New Delhi/Hong Kong: The Reserve Bank of India (RBI) is standing firm on a directive to compel global payment firms to store customer data in India, resisting calls from the US companies to dilute an order they say would cost them millions of dollars, people familiar with the matter said.
The payment companies are worried India’s data onshoring move could set a precedent and nudge other major governments to implement similar rules at a time when there is heightened scrutiny on how companies globally handle their customers’ data.
The industry’s tussle with the Reserve Bank also comes as Prime Minster Narendra Modi aggressively pushes digital and cashless modes of payment that leave an electronic trail as part of a campaign to crack down on the black economy.
While PM Modi’s administration is working on a separate data protection law, foreign companies were caught off guard in April by the RBI’s one-page directive that said all payments data should within six months be stored only in the country for “unfettered supervisory access”.
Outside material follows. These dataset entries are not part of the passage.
(* Let $\tau$, $K$, $X$, $Q$, $\mu_0$, $f$, $\omega$, $Z_{N,\beta,h,\omega}$, $A(b,\beta,h)$ and $\lambda(b,\beta,h)$ be as in the context. Then for all $h\in\mathbb{R}$ and $\beta\ge 0$, $$\frac1N\log \mathbb{E}Z_{N,\beta,h,\omega}\xrightarrow[N\to\infty]{} F^a(\beta,h)\ge 0,$$ where $F^a(\beta,h)$ is the (unique) solution $b>0$ of the equation $\lambda(b,\beta,h)=1$ if $\lambda(0,\beta,h)>1$, and $F^a(\beta,h)=0$ otherwise. Moreover the annealed critical point is $$h_c^a(\beta):=\sup\{h\in\mathbb{R}: F^a(\beta,h)=0\}=-\log\lambda(0,\beta,0).$$
   Context: Let $\tau=(\tau_n)_{n\ge0}$ be a discrete renewal process on $\{0,1,2,\dots\}$ with $\tau_0=0$ and i.i.d. interarrival times with law $K(n):=P(\tau_1=n)=L(n)n^{-(1+\alpha)}$ for $n\ge1$, where $\alpha\ge0$ and $L:\mathbb{N}\to(0,\infty)$ is slowly varying; assume $\sum_{n\ge1}K(n)=1$. Write $\delta_n=\mathbf 1_{\{n\in\tau\}}$ where $\{n\in\tau\}=\bigcup_{k\ge0}\{\tau_k=n\}$, and $E$ for expectation w.r.t. the law $P$ of $\tau$. For a real sequence $\omega=(\omega_n)_{n\ge0}$ independent of $\tau$, $\beta\ge0$, $h\in\mathbb{R}$, define the partition function $Z_{N,\beta,h,\omega}=E\big[\exp\big(\sum_{n=1}^N(\beta\omega_n+h)\delta_n\big)\delta_N\big]$. Let $X=(X_n)_{n\ge0}$ be a homogeneous irreducible Markov chain on a finite state space $\Sigma$ with transition matrix $Q$, started from its invariant distribution $\mu_0$; let $f:\Sigma\to\mathbb{R}$ with $\sum_x\mu_0(x)f(x)=0$, and set $\omega_n=f(X_n)$. $\mathbb{E}$ denotes expectation with respect to the law of $X$. For $t\ge1$ define the $\Sigma\times\Sigma$ matrix $M(t,\beta,h)(x,y)=K(t)Q^t(x,y)e^{\beta f(y)+h}$, and for $b\ge0$, $A(b,\beta,h)=\sum_{t\ge1}M(t,\beta,h)e^{-bt}$ (a matrix with positive entries); $\lambda(b,\beta,h)$ denotes its Perron–Frobenius eigenvalue. *)

From Stdlib Require Import Reals List Arith ZArith.
Import ListNotations.
Open Scope R_scope.

(* States of the finite chain: Sigma = {0, ..., d-1} (as nat). *)

Fixpoint fsum (d : nat) (g : nat -> R) : R :=
  match d with O => 0 | S d' => fsum d' g + g d' end.

Definition lsum {A : Type} (l : list A) (g : A -> R) : R :=
  fold_right (fun a s => g a + s) 0 l.
Definition lprod (l : list R) : R := fold_right Rmult 1 l.
(* For a positive integer $k$ let $A(k)=\{(\frac{c}{k},\frac{d}{k}): c,d\in\mathbb{N}\cup\{0\},\ \frac{c}{k}+\frac{d}{k}\le 1\}$, viewed as a collection of alternatives. Let $x\approx 0.39$ be the unique solution in $[0,\frac12]$ of $x^3-x+\frac13=0$. Then for every $k$ and every $\delta>0$, all pure Nash equilibrium outcomes of $\Gamma_{\mathcal{SA}_\delta}(A(k))$ are $(\delta+\frac1k)$-close to the segment $\mathrm{conv}((x,1-x),(1-x,x))$.
   Context: Two players bargain over a finite collection of alternatives $A=(a^j)_{j\in[n]}\subset[0,1]^2$, $a^j_i$ being player $i$'s utility. The mechanism $\mathcal{SA}_\delta$ ($0<\delta\le1$): each player submits $L_i\subseteq[n]$; the index is drawn from the uniform distribution $UN([n])$ if $L_1=L_2=\emptyset$; from $UN(L_1\cup L_2)$ if $L_1\cap L_2=\emptyset\ne L_1\cup L_2$; and from $(1-\delta)UN(L_1\cap L_2)+\delta\,UN(L_1\cup L_2)$ if $L_1\cap L_2\neq\emptyset$. With risk-neutral players this defines a game $\Gamma_{\mathcal{SA}_\delta}(A)$ with expected-utility payoffs; an equilibrium outcome is the vector of expected utilities. *)

From HB Require Import structures.
From mathcomp Require Import all_boot all_order all_algebra.
Set Implicit Arguments. Unset Strict Implicit. Unset Printing Implicit Defensive.
Import Order.TTheory GRing.Theory Num.Theory.
Local Open Scope ring_scope.

Definition avg (R : fieldType) (T : finType) (S : {set T}) (f : T -> R) : R :=
  (\sum_(t in S) f t) / #|S|%:R.

(* Expected utility of f under the mechanism SA_delta given the submitted
   lists L1, L2 (subsets of the index set T). *)
Definition SA_payoff (R : fieldType) (T : finType) (delta : R)
  (L1 L2 : {set T}) (f : T -> R) : R :=
  if (L1 == set0) && (L2 == set0) then avg [set: T] f
  else if L1 :&: L2 == set0 then avg (L1 :|: L2) f
  else (1 - delta) * avg (L1 :&: L2) f + delta * avg (L1 :|: L2) f.

(* Pure Nash equilibrium of the game Gamma_{SA_delta}(A), where the
   alternatives are indexed by T and a1, a2 are the players' utilities. *)
Definition SA_pure_NE (R : realFieldType) (T : finType) (delta : R)
  (a1 a2 : T -> R) (L1 L2 : {set T}) : Prop :=
  (forall L1' : {set T}, SA_payoff delta L1' L2 a1 <= SA_payoff delta L1 L2 a1) /\
  (forall L2' : {set T}, SA_payoff delta L1 L2' a2 <= SA_payoff delta L1 L2 a2).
The RBI said storing data locally would help “ensure better monitoring”.
A joint lobbying effort by American Express Co, Mastercard Inc and Visa Inc to dilute or reverse the directive has failed to shift the central bank’s position, with the RBI telling the firms in a meeting this month to comply, not complain, sources with direct knowledge told Reuters.
The RBI declined to comment, but a government source with direct knowledge confirmed the central bank was “unlikely to back down on its plans”.
INVESTMENT PLANS
The card companies are nervous that the move will disrupt their investment plans, as millions of dollars are diverted from other projects in a scramble to open local data centres within six months.
“There is a feeling of helplessness and we will have to comply,” said a source with direct knowledge of the meetings.
The RBI’s insistence that payments data be stored “only in India” would hamper global fraud detection and the companies should be allowed to keep a back-up, the sources said.
The government source disagreed.
“The suggestion that you need a disaster management back-up centre overseas just does not cut it,” said the source, who declined to be identified. “This is not a small island nation that would get entirely crippled by a single natural disaster.”
Mastercard said it was working with the industry to engage the RBI “to understand their need for access to domestic data and work towards a solution that meets the regulatory requirements” in line with global norms.
Visa declined to comment, while American Express did not respond to a request for comment. The move would not impact local players such as Softbank Group-backed Indian digital payments firm Paytm, as well as homegrown card payment network RuPay, which competes with the likes of Visa and Mastercard, as they already store their data in India.